Introduction

In December 2019, the SARS‑CoV‑2 abruptly spread worldwide, causing the coronavirus disease (COVID-19) pandemic [1, 2]. This pandemic has proven to be a huge source of stress and caused a profound disruption in millions of people's life for multiple reasons (World Health Organization, 2022 [3]). A worsening in mental health symptoms and increased rates of psychopathology has been observed following the start of the pandemic in children, adolescents, and adults [4,5,6].

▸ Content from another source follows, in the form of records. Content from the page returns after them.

(* Let $A$ and $B$ be rings, $f: A\to B$ a ring homomorphism and $J$ a proper ideal of $B$ such that $f^{-1}(J)\subseteq\mathrm{nil}(A)$. If $f(A)+J$ is a weak Armendariz ring, then $A\bowtie^{f}J$ is a weak Armendariz ring.
   Context: All rings are associative with identity (not necessarily commutative), ring homomorphisms are unital, and ideals are two-sided. $\mathrm{nil}(R)$ denotes the set of nilpotent elements of a ring $R$. For a ring homomorphism $f:A\to B$ and an ideal $J$ of $B$, the amalgamation is the subring $A\bowtie^{f}J=\{(a,f(a)+j)\mid a\in A,\ j\in J\}$ of $A\times B$; $f(A)+J=\{f(a)+j: a\in A, j\in J\}$ is a subring of $B$. A ring $R$ is weak Armendariz if whenever $p(x)=\sum_{i=0}^n a_ix^i$ and $q(x)=\sum_{j=0}^m b_jx^j$ in $R[x]$ satisfy $p(x)q(x)=0$, then $a_ib_j\in\mathrm{nil}(R)$ for all $i,j$. *)

From HB Require Import structures.
From mathcomp Require Import all_boot all_order all_algebra.
Set Implicit Arguments. Unset Strict Implicit. Unset Printing Implicit Defensive.
Import GRing.Theory.
Local Open Scope ring_scope.

Definition is_nilpotent (R : nzRingType) (x : R) : Prop := exists n : nat, x ^+ n = 0.

Definition proper_two_sided_ideal (B : nzRingType) (J : B -> Prop) : Prop :=
  [/\ J 0,
      (forall x y, J x -> J y -> J (x - y)),
      (forall a x, J x -> J (a * x) /\ J (x * a))
    & ~ J 1].

(* Since S is a subring of R,
   polynomial multiplication and nilpotency in S agree with those in R. *)
Definition weak_armendariz_on (R : nzRingType) (S : R -> Prop) : Prop :=
  forall p q : {poly R},
    (forall i, S p`_i) -> (forall i, S q`_i) -> p * q = 0 ->
    forall i j, is_nilpotent (p`_i * q`_j).

Definition fA_plus_J (A B : nzRingType) (f : {rmorphism A -> B}) (J : B -> Prop)
  : B -> Prop := fun b => exists a j, J j /\ b = f a + j.

Definition amalgamation (A B : nzRingType) (f : {rmorphism A -> B}) (J : B -> Prop)
  : (A * B)%type -> Prop := fun x => exists a j, J j /\ x = (a, f a + j).

From HB Require Import structures.
From mathcomp Require Import all_boot all_order all_algebra.
Set Implicit Arguments. Unset Strict Implicit. Unset Printing Implicit Defensive.
Import GRing.Theory.
Local Open Scope ring_scope.

(* Both projections of A |><|^f J are ring morphisms whose images of the
   coefficients land in f(A) + J (for the first one, after composing with f),
   so weak Armendariz-ness of f(A) + J makes both components of a_i b_j
   nilpotent; the hypothesis f^-1(J) <= nil(A) pulls the first component back
   from B to A. *)

Lemma is_nilpotentX (R : nzRingType) (x : R) (n : nat) :
  is_nilpotent (x ^+ n) -> is_nilpotent x.
Proof. by move=> [m Hm]; exists (n * m)%N; rewrite exprM. Qed.

Lemma is_nilpotent_pair (A B : nzRingType) (x : A) (y : B) :
  is_nilpotent x -> is_nilpotent y -> is_nilpotent ((x, y) : A * B).
Proof.
move=> [n Hn] [m Hm]; exists (n + m)%N.
have pairX k : ((x, y) : A * B) ^+ k = (x ^+ k, y ^+ k).
  by elim: k => [|k IH] //; rewrite !exprS IH.
by rewrite pairX exprD Hn mul0r exprD Hm mulr0.
Qed.

Lemma weak_armendariz_on_rmorph (R T : nzRingType) (S : T -> Prop)
    (g : {rmorphism R -> T}) (p q : {poly R}) :
  weak_armendariz_on S ->
  (forall i, S (g p`_i)) -> (forall i, S (g q`_i)) -> p * q = 0 ->
  forall i j, is_nilpotent (g (p`_i * q`_j)).
Proof.
move=> hwa Sp Sq pq0 i j.
have gpq0 : map_poly g p * map_poly g q = 0 by rewrite -rmorphM pq0 rmorph0.
have := hwa _ _ _ _ gpq0 i j; rewrite !coef_map rmorphM; apply.
- by move=> k; rewrite coef_map; apply: Sp.
- by move=> k; rewrite coef_map; apply: Sq.
Qed.

Lemma is_nilpotent_of_rmorph (A B : nzRingType) (f : {rmorphism A -> B}) (a : A) :
  (forall a : A, f a = 0 -> is_nilpotent a) ->
  is_nilpotent (f a) -> is_nilpotent a.
Proof.
move=> ker_nil [n fan0]; apply: (is_nilpotentX (n := n)).
by apply: ker_nil; rewrite rmorphXn.
Qed.

Theorem theorem4p1 (A B : nzRingType) (f : {rmorphism A -> B}) (J : B -> Prop)
  (hJ : proper_two_sided_ideal J)
  (hpre : forall a : A, J (f a) -> is_nilpotent a)
  (hwa : weak_armendariz_on (fA_plus_J f J)) :
  weak_armendariz_on (amalgamation f J).
Proof.
case: hJ => J0 _ _ _ p q Hp Hq pq0 i j.
have fst_in (r : {poly A * B}) k : fA_plus_J f J ((f \o fst) r`_k).
  by exists (r`_k).1, 0; rewrite addr0.
have snd_in (r : {poly A * B}) :
    (forall k, amalgamation f J r`_k) -> forall k, fA_plus_J f J (snd r`_k).
  by move=> Hr k; have [a [b [Jb ->]]] := Hr k; exists a, b.
have ker_nil (a : A) : f a = 0 -> is_nilpotent a.
  by move=> fa0; apply: hpre; rewrite fa0.
have N1 : is_nilpotent ((p`_i * q`_j).1).
  apply: is_nilpotent_of_rmorph ker_nil _.
  exact: (weak_armendariz_on_rmorph (g := f \o fst : {rmorphism _ -> _}) hwa
           (fst_in p) (fst_in q) pq0).
have N2 : is_nilpotent ((p`_i * q`_j).2).
  exact: (weak_armendariz_on_rmorph (g := snd) hwa (snd_in p Hp) (snd_in q Hq) pq0).
by case: (p`_i * q`_j) N1 N2 => x y; apply: is_nilpotent_pair.
Qed.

The onset of eating disorders (ED) and related behaviors such as binge eating (BE) and emotional eating (EE) in general population and at-risk samples has been related to stress exposure and adversity [7,8,9]. Theories even suggest that pathological eating behaviors can serve as a coping response to deal with stress and adverse emotions [10, 11]. Given the stress generating nature of the COVID-19 pandemic and its profound impact on emotional wellbeing, alternations in the prevalence and severity of EDs and related behaviors are to be expected, together with a concordant increase in the need for ED-related care. Indeed, several studies show such trends. At the diagnostic level, studies exist that report increases in the rates of anorexia nervosa (AN) and bulimia nervosa (BN) [12, 13]. A worsening of symptoms of individuals with ED’s and higher rates of BE and EE has been reported as well in people with AN and BN [14, 15]. In line with this are findings of an increased demand for care related to ED, such as an increased hospitalization rate due to AN [16,17,18].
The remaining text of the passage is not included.